This is part of our ‘Meet Our Delegates’ series where we introduce you to social scientists and technologists who are attending the conference.
Hei Jani, nice to meet you! You’re the AI Lead at Solita, which is headquartered in Helsinki. Can you tell us a bit about Solita and what your job involves?
Solita is a digital transformation company driven by data and human insight. We create culture, services and tech solutions that help us reinvent businesses and society for the better. Our services range from strategic consulting to service design, digital development, data, AI & analytics and managed cloud services.
My job title at Solita is AI Lead, I work in the no-man’s-land situated between design, machine learning, technology and human insight. I help people understand, and utilise, the possibilities offered by machine learning, hopefully in a sustainable and responsible manner.
In March Solita published a report on the ethics of artificial intelligence. In it you talk about the ‘black box problem’. For those who haven’t read the report, can you summarise your perspective on this important issue?
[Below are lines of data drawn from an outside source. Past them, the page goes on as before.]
(* Let $n\ge2$, $\sigma\ge2$, and let $s$ be a random string of length $n$ with characters i.i.d. uniform over an alphabet of size $\sigma$; let $r$ be its number of maximal runs, $X=r-1$, $q=(2-\sigma)/\sigma$, and $\mathcal{K}(s)$ its peeling kernel. Then $\mathcal{K}(s)$ consists of exactly one distinct symbol iff $r$ is odd iff $X$ is even, and consists of exactly two distinct symbols otherwise. Hence \[\Pr\bigl(|\mathrm{alphabet}(\mathcal{K}(s))|=1\bigr)=\tfrac12\bigl(1+q^{n-1}\bigr),\] which equals $1/2$ exactly when $\sigma=2$, and for $\sigma\ge3$ converges to $1/2$ exponentially fast in $n$.
   Context: A maximal run of a string is a maximal block of consecutive equal symbols. Let $\texttt{@},\texttt{\$}$ be two distinct symbols not in the alphabet. For a string $s$ of length $n$ let $\hat s=\texttt{@}\,s\,\texttt{\$}$ (positions $1,\dots,n+2$); $\hat s[i..j)$ is the substring at positions $i,\dots,j-1$. The leading (trailing) run of a non-empty string is its longest prefix (suffix) consisting of one repeated symbol. The Flashback decomposition $\mathcal{F}(s)$ is the sequence of tokens (pairs $(\sigma,p)$) produced as follows, starting from active span $[lo,hi)=[1,n+3)$: if $lo\ge hi$, stop. Let $\ell$ be the leading-run length of $\hat s[lo..hi)$. If $\ell=hi-lo$, append $(\hat s[lo..hi),0)$ and stop. Otherwise let $\hat s[r'..hi)$ be the trailing run of $\hat s[lo..hi)$ and $\sigma=\hat s[lo..lo+\ell)\cdot\hat s[r'..hi)$; if $lo+\ell\ge r'$, append $(\sigma,0)$ and stop; otherwise append $(\sigma,\ell)$ and repeat with $[lo+\ell,r')$. The peeling kernel $\mathcal{K}(s)$ is the symbol string of the last token of $\mathcal{F}(s)$, and $\mathrm{alphabet}(w)$ is the set of symbols occurring in $w$. *)

From mathcomp Require Import all_boot all_order all_algebra.
Set Implicit Arguments. Unset Strict Implicit. Unset Printing Implicit Defensive.
Import Order.TTheory GRing.Theory Num.Theory.

(* Symbols of the extended alphabet: None = '@', Some None = '$',
   Some (Some c) = the ordinary character c : 'I_sigma. *)
Definition Sym (sigma : nat) := option (option 'I_sigma).

Definition runs (T : eqType) (s : seq T) : nat :=
  match s with
  | [::] => 0
  | x :: t => (count id (pairmap (fun a b => a != b) x t)).+1
  end.

Definition hat (sigma : nat) (s : seq 'I_sigma) : seq (Sym sigma) :=
  None :: rcons (map (fun c => Some (Some c)) s) (Some None).

Definition lead_run (T : eqType) (w : seq T) : nat :=
  match w with
  | [::] => 0
  | x :: t => (find (fun y => y != x) t).+1
  end.

(* The Flashback peeling on the current active span w = \hat s[lo..hi),
   indices relative to lo; fuel bounds the number of steps. *)
Fixpoint flash_rec (T : eqType) (fuel : nat) (w : seq T) : seq (seq T * nat) :=
  match fuel with
  | 0 => [::]
  | f.+1 =>
    if w is [::] then [::] else
    let l := lead_run w in
    if l == size w then [:: (w, 0)] else
    let r := size w - lead_run (rev w) in
    let sg := take l w ++ drop r w in
    if r <= l then [:: (sg, 0)]
    else (sg, l) :: flash_rec f (take (r - l) (drop l w))
  end.

(* Flashback decomposition F(s) (fuel size+1 is enough: each step shrinks the span) *)
Definition flashback (sigma : nat) (s : seq 'I_sigma) : seq (seq (Sym sigma) * nat) :=
  flash_rec (size (hat s)).+1 (hat s).

Definition kernel (sigma : nat) (s : seq 'I_sigma) : seq (Sym sigma) :=
  (last ([::], 0) (flashback s)).1.

Definition alph_size (T : eqType) (w : seq T) : nat := size (undup w).

Definition prob_unif (n sigma : nat) (P : n.-tuple 'I_sigma -> bool) : rat :=
  (#|[set s : n.-tuple 'I_sigma | P s]|%:R / #|{: n.-tuple 'I_sigma}|%:R)%R.

Definition P1 (n sigma : nat) : rat :=
  prob_unif (fun s : n.-tuple 'I_sigma => alph_size (kernel s) == 1%N).

From mathcomp Require Import all_boot all_order all_algebra.
From mathcomp Require Import zify ring lra.
Import Order.TTheory GRing.Theory Num.Theory.

(* A peeling step strips the leading and the trailing run of the active span,
   so a span with at least three runs loses exactly two runs; the process ends
   on a single run (one symbol) or on two runs of distinct symbols (two
   symbols).  As runs(@ s $) = runs(s) + 2, the kernel has one symbol exactly
   when runs(s) is odd.
   For the probability, (-1)^(runs t - 1) is the product over adjacent positions
   of (-1)^[t_i <> t_(i+1)]; summing out the first letter contributes the factor
   sum_x (-1)^[x <> y] = 2 - sigma whatever y is, so the signed count of strings
   of length n is sigma (2 - sigma)^(n-1), and the strings with an odd number of
   runs number (sigma^n + sigma (2 - sigma)^(n-1)) / 2. *)

Section Runs.
Variable T : eqType.
Implicit Types (a b x y : T) (s t u v w : seq T).

Lemma ohead_rcons t x : ohead (rcons t x) = Some (head x t).
Proof. by case: t. Qed.

Lemma ohead_rev_cons x s : ohead (rev (x :: s)) = Some (last x s).
Proof. by elim/last_ind: s => //= s y _; rewrite rev_cons rev_rcons last_rcons. Qed.

Lemma ohead_cat_cons s x t : ohead (s ++ x :: t) = Some (head x s).
Proof. by case: s. Qed.

Lemma ohead_rev_cat_cons s x t : ohead (rev (s ++ x :: t)) = ohead (rev (x :: t)).
Proof. by rewrite rev_cat rev_cons cat_rcons ohead_cat_cons ohead_rcons. Qed.

Lemma runs_cons x t : runs (x :: t) = (ohead t != Some x) + runs t.
Proof. by case: t => //= y t; rewrite addnS eq_sym. Qed.

Lemma runs_rcons x s y : runs (rcons (x :: s) y) = runs (x :: s) + (last x s != y).
Proof. by rewrite /runs rcons_cons -cats1 /= pairmap_cat count_cat /= addn0 addSn. Qed.

Lemma runs_rev s : runs (rev s) = runs s.
Proof.
elim/last_ind: s => // s x IH; rewrite rev_rcons runs_cons IH.
case: s {IH} => // y s; rewrite runs_rcons ohead_rev_cons addnC.
by congr (_ + _).
Qed.

Lemma runs_nseq_cat a l u : ohead u != Some a -> runs (nseq l.+1 a ++ u) = (runs u).+1.
Proof.
move=> ua; elim: l => [|l IH]; first by rewrite cat1s runs_cons ua.
by rewrite [nseq l.+2 a ++ u]/= runs_cons IH /= eqxx.
Qed.

Lemma runs_cat_nseq v l b : ohead (rev v) != Some b -> runs (v ++ nseq l.+1 b) = (runs v).+1.
Proof. by move=> vb; rewrite -runs_rev rev_cat rev_nseq runs_nseq_cat // runs_rev. Qed.

Lemma lead_run_nseq_cat a l u : ohead u != Some a -> lead_run (nseq l.+1 a ++ u) = l.+1.
Proof.
move=> ua; rewrite /lead_run /= find_cat has_nseq size_nseq eqxx andbF.
by case: u ua => [|y u] /=; rewrite ?addn0 // => ->; rewrite addn0.
Qed.

Lemma lead_run_decomp w : w != [::] ->
  exists a l u, w = nseq l.+1 a ++ u /\ ohead u != Some a.
Proof.
elim: w => // x [|y t] IH _; first by exists x, 0, [::].
have [a [l [u [-> ua]]]] := IH isT.
have [->|xa] := eqVneq x a; first by exists a, l.+1, u.
by exists x, 0, (nseq l.+1 a ++ u); split; rewrite //= eq_sym.
Qed.

Lemma trail_run_decomp w : w != [::] ->
  exists b l v, w = v ++ nseq l.+1 b /\ ohead (rev v) != Some b.
Proof.
rewrite -(revK w) -size_eq0 size_rev size_eq0 => /lead_run_decomp [b [l [u [-> ub]]]].
by exists b, l, (rev u); rewrite rev_cat rev_nseq revK.
Qed.

End Runs.

Section Peeling.
Variable T : eqType.
Implicit Types (a b : T) (v w : seq T).

Lemma flash_recE f w : w != [::] ->
  flash_rec f.+1 w =
    if lead_run w == size w then [:: (w, 0)]
    else if size w - lead_run (rev w) <= lead_run w then
      [:: (take (lead_run w) w ++ drop (size w - lead_run (rev w)) w, 0)]
    else (take (lead_run w) w ++ drop (size w - lead_run (rev w)) w, lead_run w)
         :: flash_rec f (take (size w - lead_run (rev w) - lead_run w) (drop (lead_run w) w)).
Proof. by case: w. Qed.

Lemma flash_rec_nseq f a l : flash_rec f.+1 (nseq l.+1 a) = [:: (nseq l.+1 a, 0)].
Proof.
by rewrite flash_recE // -[nseq _ _]cats0 lead_run_nseq_cat // size_cat size_nseq /= addn0 eqxx.
Qed.

Lemma flash_rec_two_runs f a b l l' v :
    ohead (v ++ nseq l'.+1 b) != Some a -> ohead (rev (nseq l.+1 a ++ v)) != Some b ->
  flash_rec f.+1 (nseq l.+1 a ++ v ++ nseq l'.+1 b) =
    if v is [::] then [:: (nseq l.+1 a ++ nseq l'.+1 b, 0)]
    else (nseq l.+1 a ++ nseq l'.+1 b, l.+1) :: flash_rec f v.
Proof.
move=> ha hb; set w := nseq l.+1 a ++ _.
have lead_w : lead_run w = l.+1 by rewrite lead_run_nseq_cat.
have trail_w : lead_run (rev w) = l'.+1.
  by rewrite /w catA rev_cat rev_nseq lead_run_nseq_cat.
have size_w : size w = l.+1 + size v + l'.+1 by rewrite !size_cat !size_nseq addnA.
have take_w : take l.+1 w = nseq l.+1 a by rewrite take_size_cat ?size_nseq.
have drop_w : drop (l.+1 + size v) w = nseq l'.+1 b.
  by rewrite /w catA drop_size_cat // size_cat size_nseq.
have mid_w : take (size v) (drop l.+1 w) = v.
  by rewrite /w drop_size_cat ?size_nseq // take_size_cat.
rewrite flash_recE // lead_w trail_w size_w addnK addKn take_w drop_w mid_w.
have -> : (l.+1 == l.+1 + size v + l'.+1) = false by lia.
have -> : (l.+1 + size v <= l.+1) = (v == [::]) by rewrite -size_eq0; lia.
by case: v {ha hb w lead_w trail_w size_w take_w drop_w mid_w}.
Qed.

Lemma alph_sizeE w s : uniq s -> w =i s -> alph_size w = size s.
Proof.
move=> s_uniq ws; apply/perm_size/uniq_perm; rewrite ?undup_uniq // => x.
by rewrite mem_undup.
Qed.

Lemma alph_size_nseq a l : alph_size (nseq l.+1 a) = 1.
Proof. by rewrite (@alph_sizeE _ [:: a]) // => x; rewrite mem_nseq inE. Qed.

Lemma alph_size_nseq2 a b l l' : a != b -> alph_size (nseq l.+1 a ++ nseq l'.+1 b) = 2.
Proof.
move=> ab; rewrite (@alph_sizeE _ [:: a; b]) ?/= ?inE ?ab // => x.
by rewrite -cat_cons mem_cat !(mem_nseq _.+1) !inE.
Qed.

Lemma alph_size_last_flash_rec f w d : w != [::] -> size w < f ->
  alph_size (last d (flash_rec f w)).1 = if odd (runs w) then 1 else 2.
Proof.
elim: f w d => // f IH w d /lead_run_decomp [a [l [u [-> ua]]]].
have [-> _ | /trail_run_decomp [b [l' [v [Eu vb]]]]] := eqVneq u [::].
  by rewrite cats0 flash_rec_nseq -[nseq _ _]cats0 runs_nseq_cat // cats0 alph_size_nseq.
move: ua; rewrite {u}Eu => ua; rewrite runs_nseq_cat // runs_cat_nseq //.
case: v vb ua => [|c v] vb ua size_w.
  have ab : a != b by rewrite eq_sym.
  rewrite (flash_rec_two_runs _ _ _ _ _ [::]) ?cats0 ?rev_nseq 1?eq_sym //.
  exact: alph_size_nseq2.
rewrite flash_rec_two_runs ?ohead_rev_cat_cons // last_cons !oddS negbK.
by apply: IH => //; move: size_w; rewrite !size_cat /=; lia.
Qed.

End Peeling.

Lemma runs_map (T U : eqType) (g : T -> U) s : injective g -> runs (map g s) = runs s.
Proof.
move=> g_inj; case: s => // x t /=; congr S.
by elim: t x => //= y t IH x; rewrite IH inj_eq.
Qed.

Lemma runs_hat sigma (s : seq 'I_sigma) : runs (hat s) = (runs s).+2.
Proof.
rewrite /hat -cats1 -[None :: _]/(nseq 1 None ++ _) runs_nseq_cat; last by case: s.
rewrite -[[:: Some None]]/(nseq 1 _) runs_cat_nseq ?runs_map // => [x y [] //|].
by case/lastP: s => // s x; rewrite map_rcons rev_rcons.
Qed.

Lemma alph_size_kernel sigma (s : seq 'I_sigma) :
  alph_size (kernel s) = if odd (runs s) then 1 else 2.
Proof. by rewrite /kernel /flashback alph_size_last_flash_rec // runs_hat !oddS negbK. Qed.

Section SignedCount.
Local Open Scope ring_scope.
Variables (R : pzRingType) (T : finType).

Lemma big_tuple_cons n (F : n.+1.-tuple T -> R) :
  \sum_(t : n.+1.-tuple T) F t = \sum_(x : T) \sum_(u : n.-tuple T) F [tuple of x :: u].
Proof.
rewrite pair_big /= (reindex (fun p : T * n.-tuple T => [tuple of p.1 :: p.2])) //=.
exists (fun t => (thead t, [tuple of behead t])) => [[x u] _ | t _].
  by congr pair; apply: val_inj.
by rewrite [RHS]tuple_eta.
Qed.

Lemma sum_sign_neq (y : T) : \sum_(x : T) (-1) ^+ (x != y) = 2 - #|T|%:R :> R.
Proof.
rewrite (bigD1 y) //= eqxx (eq_bigr (fun=> -1)) => [|x /negPf -> //].
rewrite sumr_const -[in RHS](cardC (pred1 y)) card1 natrD expr0 mulNrn.
by rewrite (@eq_card _ _ [predC pred1 y]) // opprD addrA -[2]/(1 + 1) addrK.
Qed.

Lemma sign_runs_cons n x (u : n.+1.-tuple T) :
  (-1) ^+ (runs (x :: u)).-1 = (-1) ^+ (x != thead u) * (-1) ^+ (runs u).-1 :> R.
Proof.
by case: u => [[|y u] //= su]; rewrite exprD.
Qed.

Lemma sum_sign_runs n :
  \sum_(t : n.+1.-tuple T) (-1) ^+ (runs t).-1 = #|T|%:R * (2 - #|T|%:R) ^+ n :> R.
Proof.
elim: n => [|n IH].
  rewrite (eq_bigr (fun=> 1)) => [|[[|x []]] //].
  by rewrite sumr_const card_tuple expn1 mulr1.
rewrite big_tuple_cons exchange_big.
under eq_bigr do rewrite (eq_bigr _ (fun x _ => sign_runs_cons _ x _)) -mulr_suml sum_sign_neq.
by rewrite -mulr_sumr IH !mulr_natl exprS mulrnAr.
Qed.

Lemma card_odd_runs n :
  #|[set t : n.+1.-tuple T | odd (runs t)]|%:R *+ 2
    = (#|T| ^ n.+1)%:R + #|T|%:R * (2 - #|T|%:R) ^+ n :> R.
Proof.
have sign_odd (t : n.+1.-tuple T) : (-1) ^+ (runs t).-1 = (odd (runs t))%:R *+ 2 - 1 :> R.
  case: t => [[|x t] //= _]; rewrite -signr_odd.
  by case: (odd _); rewrite /= ?expr0 ?expr1 ?mul0rn ?sub0r // -[1 *+ 2]/(1 + 1) addrK.
rewrite -sum_sign_runs (eq_bigr _ (fun t _ => sign_odd t)) sumrB sumr_const card_tuple.
rewrite sumrMnl addrC subrK -natr_sum -sum1dep_card big_mkcond.
by congr (_%:R *+ 2); apply: eq_bigr => t _; case: (odd _).
Qed.

End SignedCount.

Local Open Scope ring_scope.

Lemma P1_succ n sigma : (0 < sigma)%N ->
  P1 n.+1 sigma = 1 / 2 * (1 + ((2 - sigma%:R) / sigma%:R) ^+ n).
Proof.
move=> sigma_gt0; rewrite /P1 /prob_unif card_tuple card_ord natrX.
have -> : [set s : n.+1.-tuple 'I_sigma | alph_size (kernel s) == 1%N]
        = [set s : n.+1.-tuple _ | odd (runs s)].
  by apply/setP => s; rewrite !inE alph_size_kernel; case: odd.
have := card_odd_runs rat 'I_sigma n; rewrite card_ord natrX -mulr_natr => card_odd.
rewrite -[_%:R](mulfK (_ : 2 != 0)) // card_odd expr_div_n exprS.
have sigma_neq0 : sigma%:R != 0 :> rat by rewrite pnatr_eq0 -lt0n.
field; by rewrite sigma_neq0 expf_neq0.
Qed.

Lemma P1_sub_half n sigma : (0 < sigma)%N ->
  P1 n.+1 sigma - 1 / 2 = 1 / 2 * ((2 - sigma%:R) / sigma%:R) ^+ n.
Proof. by move=> sigma_gt0; rewrite P1_succ //; lra. Qed.

Lemma P1_eq_half n sigma : (0 < sigma)%N -> (P1 n.+2 sigma == 1 / 2) = (sigma == 2)%N.
Proof.
move=> sigma_gt0; have sigma_neq0 : sigma%:R != 0 :> rat by rewrite pnatr_eq0 -lt0n.
rewrite -subr_eq0 P1_sub_half // mulf_eq0 orFb expf_eq0 /=.
by rewrite mulf_eq0 invr_eq0 (negPf sigma_neq0) orbF subr_eq0 eq_sym (eqr_nat rat sigma 2).
Qed.

Lemma normr_P1_sub_half n sigma : (2 <= sigma)%N ->
  `|P1 n.+1 sigma - 1 / 2| = 1 / 2 * ((sigma%:R - 2) / sigma%:R) ^+ n.
Proof.
move=> sigma_ge2; have sigma_ge2R : 2 <= sigma%:R :> rat by rewrite (ler_nat rat 2).
rewrite P1_sub_half ?(leq_trans _ sigma_ge2) //.
have -> : (2 - sigma%:R) / sigma%:R = - ((sigma%:R - 2) / sigma%:R) :> rat.
  by rewrite -mulNr opprB.
by rewrite normrM normrX normrN !ger0_norm ?divr_ge0 //; lra.
Qed.

Theorem corollaryA2 (sigma : nat) : (2 <= sigma)%N ->
  (forall (n : nat) (s : n.-tuple 'I_sigma), (2 <= n)%N ->
     (alph_size (kernel s) == 1%N = odd (runs s)) /\
     (odd (runs s) = ~~ odd (runs s).-1) /\
     (~~ odd (runs s) -> alph_size (kernel s) = 2%N)) /\
  (forall n : nat, (2 <= n)%N ->
     P1 n sigma = (1 / 2 * (1 + ((2 - sigma%:R) / sigma%:R) ^+ n.-1))%R) /\
  (forall n : nat, (2 <= n)%N -> (P1 n sigma = 1 / 2)%R <-> sigma = 2%N) /\
  ((3 <= sigma)%N -> exists (C rho : rat), (0 < C)%R /\ (0 <= rho)%R /\ (rho < 1)%R /\
     forall n : nat, (2 <= n)%N -> (`|P1 n sigma - 1 / 2| <= C * rho ^+ n)%R).
Proof.
move=> sigma_ge2; have sigma_gt0 : (0 < sigma)%N by apply: ltnW.
split.
  move=> n s n_ge2; rewrite alph_size_kernel.
  have : (0 < runs s)%N by case: s => [[|x t]] //=; rewrite eq_sym; case: n n_ge2.
  by case: (runs s) => // r _; rewrite oddS; case: (odd r).
split; first by case=> // n _; rewrite P1_succ.
split; first by case=> [|[|n]] // _; rewrite (rwP eqP) P1_eq_half // (rwP eqP).
move=> sigma_ge3; set rho : rat := (sigma%:R - 2) / sigma%:R.
have sigma_ge3R : 3 <= sigma%:R :> rat by rewrite (ler_nat rat 3).
have rho_gt0 : 0 < rho by rewrite divr_gt0 //; lra.
have rho_lt1 : rho < 1 by rewrite ltr_pdivrMr; lra.
exists (1 / 2 / rho), rho; split; first by rewrite divr_gt0.
split; first exact: ltW.
split=> // -[|n] // _.
by rewrite normr_P1_sub_half // exprS mulrA divfK ?gt_eqF.
Qed.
The black box problem is a label often attached to machine learning solutions built using artificial neural networks (ANN), an algorithm very loosely modelled on neural systems found in the animal kingdom. In the last decade or so ANNs have become hugely popular due to the high-quality results data scientists, the specialists deploying machine learning, have been able to get from using them. How an ANN produces its results can be difficult, if not impossible, to understand, which means that any solution built using an ANN may produce great results, but the why and how remains unknown. Thus the popularised term “black box”.
At the end of the day if we cannot understand exactly how an AI application produces its results it is difficult to measure how fair, or ethical, the results are. Trusting such an application is a leap in the dark, that many of us take every day when using AI applications embedded in social media, search engines, online stores etc.
You work alongside a social scientist, Antti Rannisto, who is also coming to the conference. As a technologist, what are the benefits, in your opinion, of having social scientists on tech teams?
Technology is used to build services for people. Social scientists have a scientific framework for understanding people, thus, they enable technologists, such as myself, to build better services. Developing services without human insight is a waste of resources. Simple as that.
Why are you excited to attend the conference and what do you hope to get from attending?
I am really looking forward to hearing the keynotes, but most of all I am excited to meet people who understand people better than I, as a computer man, would ever be able to.
In your opinion, why do you think other technologists should attend the conference?
Technology belongs to people, not the other way around. With the ever increasing speed of AI development, we cannot repeat this too often.
Is there anything else you’d like to tell us or say?
Looking forward to it!
Kiitos, Jani, we look forward to meeting you in October!